- Opening Delimiter -

(* There exists $n_0$ such that for all $n\ge n_0$ the following holds. Let $\mathcal{H} = (X,\mathcal{F})$ be a hypergraph with $|X|=n$ and $|\mathcal{F}|\leq n^{\log(n)}$ such that every hyperedge contains at least $\log^3(n)$ vertices. Then in the Waiter-Client game on $\mathcal{H}$, Waiter has a strategy such that at the end of the game the set $C$ of Client's elements satisfies $|C\cap f| \geq \frac{|f|}{100}$ for every $f\in \mathcal{F}$.
   Context: Waiter-Client game on a hypergraph $(X,\mathcal{F})$: in each round Waiter offers Client two previously unclaimed elements of $X$; Client keeps one and the other goes to Waiter; if in the final round only one unclaimed element remains, it goes to Waiter. The game ends when all elements are claimed. *)

From mathcomp Require Import all_boot.
From Stdlib Require Import Reals.
Set Implicit Arguments. Unset Strict Implicit. Unset Printing Implicit Defensive.

(* State: U = set of still-unclaimed elements, C = Client's elements so far.
   [waiter_wins P U C] : from this state, Waiter has a strategy guaranteeing
   that Client's final set satisfies P.
   - If at most one element is unclaimed, the game ends (a single leftover
     element goes to Waiter, so C is Client's final set).
   - Otherwise Waiter offers two distinct unclaimed elements x, y, and must
     win whichever of them Client keeps (the other goes to Waiter). *)
Inductive waiter_wins (T : finType) (P : {set T} -> Prop)
  : {set T} -> {set T} -> Prop :=
| ww_end (U C : {set T}) :
    #|U| <= 1 -> P C -> waiter_wins P U C
| ww_step (U C : {set T}) (x y : T) :
    x \in U -> y \in U -> x != y ->
    waiter_wins P (U :\ x :\ y) (x |: C) ->
    waiter_wins P (U :\ x :\ y) (y |: C) ->
    waiter_wins P U C.

Definition waiter_strategy (T : finType) (P : {set T} -> Prop) : Prop :=
  waiter_wins P [set: T] set0.

From mathcomp Require Import all_boot.
From Stdlib Require Import Reals Lra.
(* Reals reactivates [^] as [Nat.pow] on nat; restore ssrnat's [expn]. *)
From mathcomp Require Import ssrnat zify.
Set Implicit Arguments. Unset Strict Implicit. Unset Printing Implicit Defensive.

(* Beck-type potential argument.  While U is unclaimed and C is Client's set,
   a hyperedge f weighs 2^|X\f| * 2^|U∩f| * 3^|W∩f|, W being Waiter's set: it
   starts at 2^n and is halved by each Client vertex of f, multiplied by 3/2 by
   each Waiter vertex.  If Client takes x and Waiter y, the total potential Ψ
   grows by at most (deg y - deg x)/2, so Waiter offers a pair with nearly
   equal degrees; by pigeonhole one with |deg x - deg y| <= Ψ/(|U|-1) exists,
   and then Ψ * (|U|+1) never increases.  At the end Ψ <= |F| 2^n (n+1), but an
   edge with |C∩f| < |f|/100 alone weighs about 2^(n-|f|) 3^(0.99|f|), which is
   larger once |f| >= log^3 n and |F| <= n^(log n). *)

Lemma potential_bound_step (p p' da db m K : nat) :
  2 * p' + da <= 2 * p + db -> m.+1 * (db - da) <= p -> p * m.+3 <= K ->
  p' * m.+1 <= K.
Proof. nia. Qed.

Section Potential.
Variable T : finType.
Implicit Types (f U C : {set T}) (F : {set {set T}}).

Definition vertex_weight f U C (z : T) : nat :=
  if z \in f then (if z \in C then 1 else if z \in U then 2 else 3) else 2.

Definition edge_weight f U C : nat := \prod_(z : T) vertex_weight f U C z.

Definition potential F U C : nat := \sum_(f in F) edge_weight f U C.

Definition degree F U C (z : T) : nat := \sum_(f in F) (z \in f) * edge_weight f U C.

Lemma edge_weight_le_potential F f U C : f \in F -> edge_weight f U C <= potential F U C.
Proof. by move=> fF; rewrite /potential (bigD1 f) //= leq_addr. Qed.

Lemma degree_le_potential F U C z : degree F U C z <= potential F U C.
Proof. by apply: leq_sum => f _; case: (z \in f); rewrite ?mul1n. Qed.

Lemma potential_init F : potential F [set: T] set0 = #|F| * 2 ^ #|T|.
Proof.
rewrite /potential (eq_bigr (fun _ => 2 ^ #|T|)) ?sum_nat_const // => f _.
rewrite /edge_weight -prod_nat_const; apply: eq_bigr => z _.
by rewrite /vertex_weight !inE; case: (z \in f).
Qed.

Lemma edge_weight_move f U C x y :
  x \in U -> y \in U -> x != y -> [disjoint U & C] ->
  2 * edge_weight f (U :\ x :\ y) (x |: C) + (x \in f) * edge_weight f U C
   <= 2 * edge_weight f U C + (y \in f) * edge_weight f U C.
Proof.
move=> xU yU xy UC; have yx : y != x by rewrite eq_sym.
have split_xy (h : T -> nat) :
    \prod_z h z = h x * h y * \prod_(z | (z != x) && (z != y)) h z.
  by rewrite (bigD1 x) //= (bigD1 y) //= mulnA.
rewrite /edge_weight !split_xy.
have -> : \prod_(z | (z != x) && (z != y)) vertex_weight f (U :\ x :\ y) (x |: C) z
        = \prod_(z | (z != x) && (z != y)) vertex_weight f U C z.
  by apply: eq_bigr => z /andP [zx zy]; rewrite /vertex_weight !inE (negbTE zx) (negbTE zy).
rewrite /vertex_weight !inE eqxx (negbTE yx).
rewrite (disjointFr UC xU) (disjointFr UC yU) xU yU /=.
by case: (x \in f); case: (y \in f); rewrite /= ?eqxx /=; lia.
Qed.

Lemma potential_move F U C x y :
  x \in U -> y \in U -> x != y -> [disjoint U & C] ->
  2 * potential F (U :\ x :\ y) (x |: C) + degree F U C x
   <= 2 * potential F U C + degree F U C y.
Proof.
move=> xU yU xy UC; rewrite /potential /degree !big_distrr -!big_split /=.
by apply: leq_sum => f _; apply: edge_weight_move.
Qed.

Lemma disjoint_move U C x y :
  [disjoint U & C] -> [disjoint U :\ x :\ y & x |: C].
Proof.
move=> UC; apply/pred0P => z /=; rewrite !inE.
have [zU | zNU] := boolP (z \in U); last by rewrite !andbF.
by rewrite (disjointFr UC zU) orbF; case: (z == x); rewrite /= ?andbF.
Qed.

Lemma separated_spread (d : T -> nat) M m (S : {set T}) : #|S| = m.+1 ->
  {in S &, forall x y, x != y -> d y <= d x -> M < d x - d y} ->
  exists z w, [/\ z \in S, w \in S & d w + m * M.+1 <= d z].
Proof.
elim: m S => [|m IH] S cS sepS.
  have /set0Pn [z Sz] : S != set0 by rewrite -card_gt0 cS.
  by exists z, z; rewrite mul0n addn0.
have /set0Pn [z0 Sz0] : S != set0 by rewrite -card_gt0 cS.
case: (arg_maxnP d Sz0) => zm Szm' zm_max; have Szm : zm \in S := Szm'.
have cS' : #|S :\ zm| = m.+1 by move: cS; rewrite (cardsD1 zm) Szm => -[].
have [|z [w [Sz Sw dwz]]] := IH (S :\ zm) cS'.
  by move=> x y /setD1P [_ xS] /setD1P [_ yS]; apply: sepS.
move: Sz Sw => /setD1P [zzm Sz] /setD1P [_ Sw].
have := sepS zm z Szm Sz; rewrite eq_sym zzm => /(_ isT (zm_max z Sz)) sep.
by exists zm, w; split => //; rewrite mulSn; lia.
Qed.

Lemma exists_close_pair (d : T -> nat) U P m : #|U| = m.+2 ->
  {in U, forall z, d z <= P} ->
  exists x y, [/\ x \in U, y \in U, x != y, d y <= d x & m.+1 * (d x - d y) <= P].
Proof.
move=> cU dP.
pose close x y := [&& x != y, d y <= d x & m.+1 * (d x - d y) <= P].
have [/exists_inP [x xU /exists_inP [y yU /and3P [? ? ?]]] | no_pair] :=
  boolP [exists x in U, exists y in U, close x y]; first by exists x, y.
have [|z [w [zU _ dwz]]] := separated_spread (d := d) (M := P %/ m.+1) cU.
  move=> x y xU yU xy dyx; rewrite ltnNge; apply: contra no_pair => small.
  apply/exists_inP; exists x => //; apply/exists_inP; exists y => //.
  rewrite /close xy dyx (leq_trans (leq_mul (leqnn _) small)) // mulnC.
  exact: leq_divM.
have := ltn_ceil P (ltn0Sn m); have := dP z zU; rewrite mulnC; lia.
Qed.

Lemma waiter_wins_potential F (P : {set T} -> Prop) K :
  (forall U C, #|U| <= 1 -> potential F U C <= K -> P C) ->
  forall U C, [disjoint U & C] -> potential F U C * #|U|.+1 <= K ->
  waiter_wins P U C.
Proof.
move=> win_end U C; move cU: #|U| => m.
elim/ltn_ind: m U C cU => m IH U C cU UC bound.
case: m IH cU bound => [|[|m]] IH cU bound.
1,2: have U1 : #|U| <= 1 by rewrite cU.
1,2: by apply: (ww_end U1); apply: (win_end _ _ U1); lia.
have [x [y [xU yU xy dyx gap]]] :=
  exists_close_pair cU (fun z _ => degree_le_potential F U C z).
have client_takes a b : a \in U -> b \in U -> a != b ->
    m.+1 * (degree F U C b - degree F U C a) <= potential F U C ->
    waiter_wins P (U :\ a :\ b) (a |: C).
  move=> aU bU ab gap_ab; apply: (IH m) => //.
  - by move: cU; rewrite (cardsD1 a) aU (cardsD1 b) !inE eq_sym ab bU => -[].
  - exact: disjoint_move.
  - exact: potential_bound_step (potential_move F aU bU ab UC) gap_ab bound.
apply: (ww_step xU yU xy); first by apply: client_takes; rewrite // (eqP dyx) muln0.
by rewrite !setDDl setUC -setDDl; apply: client_takes; rewrite // eq_sym.
Qed.

Lemma edge_weight_lb f U C :
  2 ^ #|~: f| * 3 ^ #|f :\: (C :|: U)| <= edge_weight f U C.
Proof.
rewrite -!prod_nat_const !(big_mkcond (fun z => z \in _)) -big_split /=.
apply: leq_prod => z _; rewrite /vertex_weight !inE.
by case: (z \in f); case: (z \in C); case: (z \in U).
Qed.

Lemma final_edge_weight_lb f U C : #|U| <= 1 ->
  2 ^ #|~: f| * 3 ^ #|f| <= 3 ^ #|C :&: f|.+1 * edge_weight f U C.
Proof.
move=> U1; have Uf : #|f :&: U| <= 1 by rewrite (leq_trans _ U1) ?subset_leq_card ?subsetIr.
have cf : #|f| <= #|f :\: (C :|: U)| + #|C :&: f|.+1.
  rewrite cardsD setIUr setIC; have := cardsU (C :&: f) (f :&: U).
  have := subset_leq_card (subsetIl f (C :&: f :|: f :&: U)); lia.
have cf3 : 3 ^ #|f| <= 3 ^ #|f :\: (C :|: U)| * 3 ^ #|C :&: f|.+1.
  by rewrite -expnD leq_pexp2l.
apply: leq_trans (leq_mul (leqnn _) cf3) _.
by rewrite mulnA mulnC leq_mul2l edge_weight_lb orbT.
Qed.

Lemma final_potential_bound F U C N f : #|U| <= 1 ->
  potential F U C <= #|F| * 2 ^ #|T| * N -> f \in F ->
  3 ^ #|f| <= 3 ^ #|C :&: f|.+1 * (#|F| * N * 2 ^ #|f|).
Proof.
move=> U1 bound fF; rewrite -(leq_pmul2l (expn_gt0 2 #|~: f|)).
apply: leq_trans (final_edge_weight_lb f C U1) _.
rewrite mulnCA leq_mul2l; apply/orP; right.
apply: leq_trans (edge_weight_le_potential U C fF) (leq_trans bound _).
by rewrite -(cardsC f) expnD; nia.
Qed.

End Potential.

Section RealEstimates.
Local Open Scope R_scope.

Lemma ln_le_sub1 x : 0 < x -> ln x <= x - 1.
Proof. by move=> x_gt0; have := exp_ineq1_le (ln x); rewrite exp_ln //; lra. Qed.

Lemma ln_le x y : 0 < x -> x <= y -> ln x <= ln y.
Proof. by move=> x_gt0 [xy | <-]; [left; apply: ln_increasing | right]. Qed.

Lemma ln3_bounds : 1 <= ln 3 <= 2 /\ 1 / 3 <= ln 3 - ln 2.
Proof.
have ln_div23 : ln (2 / 3) = ln 2 - ln 3.
  by rewrite /Rdiv ln_mult ?ln_Rinv; lra.
have := @ln_le_sub1 (2 / 3) ltac:(lra); have := @ln_le_sub1 3 ltac:(lra).
have : ln (exp 1) <= ln 3 by apply: ln_le; [exact: exp_pos | exact: exp_le_3].
by rewrite ln_exp ln_div23; lra.
Qed.

Lemma log_budget L k c : 5 <= L -> L ^ 3 <= k -> 0 <= c -> 100 * c + 1 <= k ->
  L * L + (L + 1) + k * ln 2 + (c + 1) * ln 3 < k * ln 3.
Proof.
move=> L_ge5 Lk c_ge0 ck; have [[ln3_ge1 ln3_le2] ln32] := ln3_bounds.
have : k * (1 / 3) <= k * (ln 3 - ln 2) by apply: Rmult_le_compat_l; lra.
have : (c + 1) * ln 3 <= (c + 1) * 2 by apply: Rmult_le_compat_l; lra.
have : 5 * (L * L) <= L ^ 3 by simpl; nra.
nra.
Qed.

Lemma INR_expn_exp b k : (0 < b)%nat -> INR (b ^ k) = exp (INR k * ln (INR b)).
Proof.
move=> b_gt0; rewrite -[exp _]/(Rpower (INR b) (INR k)) Rpower_pow; last exact/lt_0_INR/ltP.
by elim: k => [|k IH] //=; rewrite expnS mult_INR IH.
Qed.

Lemma power_budget n k c e : (243 <= n)%nat ->
  INR e <= Rpower (INR n) (ln (INR n)) -> ln (INR n) ^ 3 <= INR k ->
  (100 * c < k)%nat -> (3 ^ c.+1 * (e * n.+1 * 2 ^ k) < 3 ^ k)%nat.
Proof.
move=> n_ge he hk ck; apply/ltP/INR_lt.
have n_ge' : 243 <= INR n by move/leP/le_INR: n_ge; rewrite INR_IZR_INZ.
set L := ln (INR n) in he hk.
have L_ge5 : 5 <= L.
  have [[ln3_ge1 _] _] := ln3_bounds.
  have : ln (3 ^ 5) <= L by apply: ln_le; simpl; lra.
  by rewrite ln_pow; [simpl; lra | lra].
have n1 : INR n.+1 <= exp (L + 1).
  rewrite S_INR exp_plus exp_ln; last lra.
  by have := exp_ineq1_le 1; nra.
have ck' : 100 * INR c + 1 <= INR k.
  by move/leP/le_INR: ck; rewrite S_INR mult_INR INR_IZR_INZ.
have := log_budget L_ge5 hk (pos_INR c) ck'.
have i2 : INR 2 = 2 by rewrite INR_IZR_INZ.
have i3 : INR 3 = 3 by rewrite INR_IZR_INZ.
rewrite mult_INR !INR_expn_exp // !mult_INR INR_expn_exp // i2 i3 [INR c.+1]S_INR => budget.
apply: (Rle_lt_trans _
  (exp ((INR c + 1) * ln 3) * (exp (L * L) * exp (L + 1) * exp (INR k * ln 2)))).
  apply: Rmult_le_compat_l; first by left; apply: exp_pos.
  apply: Rmult_le_compat_r; first by left; apply: exp_pos.
  by apply: Rmult_le_compat; rewrite -?S_INR; auto using pos_INR.
by rewrite -!exp_plus; apply: exp_increasing; lra.
Qed.

End RealEstimates.

Theorem lemma6p1 :
  exists n0 : nat, forall n : nat, (n0 <= n)%nat ->
  forall F : {set {set 'I_n}},
    (INR #|F| <= Rpower (INR n) (ln (INR n)))%R ->
    (forall f, f \in F -> (ln (INR n) ^ 3 <= INR #|f|)%R) ->
    waiter_strategy (fun C : {set 'I_n} =>
      forall f, f \in F -> (INR #|f| / 100 <= INR #|C :&: f|)%R).
Proof.
exists 243 => n n_ge F hF hf.
apply: (@waiter_wins_potential _ F _ (#|F| * 2 ^ #|'I_n| * n.+1)).
- move=> U C U1 bound f fF; apply: Rnot_lt_le => small.
  have ck : (100 * #|C :&: f| < #|f|)%N.
    have i100 : INR 100 = 100%R by rewrite INR_IZR_INZ.
    by apply/ltP/INR_lt; rewrite mult_INR i100; lra.
  have := final_potential_bound U1 bound fF.
  by rewrite leqNgt (power_budget n_ge hF (hf f fF) ck).
- by apply/pred0P => z; rewrite /= !inE.
- by rewrite potential_init cardsT card_ord.
Qed.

- Closing Delimiter -

• Exercise directions
Show each line of the listing that holds the string "game".

• Response
(* There exists $n_0$ such that for all $n\ge n_0$ the following holds. Let $\mathcal{H} = (X,\mathcal{F})$ be a hypergraph with $|X|=n$ and $|\mathcal{F}|\leq n^{\log(n)}$ such that every hyperedge contains at least $\log^3(n)$ vertices. Then in the Waiter-Client game on $\mathcal{H}$, Waiter has a strategy such that at the end of the game the set $C$ of Client's elements satisfies $|C\cap f| \geq \frac{|f|}{100}$ for every $f\in \mathcal{F}$.
   Context: Waiter-Client game on a hypergraph $(X,\mathcal{F})$: in each round Waiter offers Client two previously unclaimed elements of $X$; Client keeps one and the other goes to Waiter; if in the final round only one unclaimed element remains, it goes to Waiter. The game ends when all elements are claimed. *)
   - If at most one element is unclaimed, the game ends (a single leftover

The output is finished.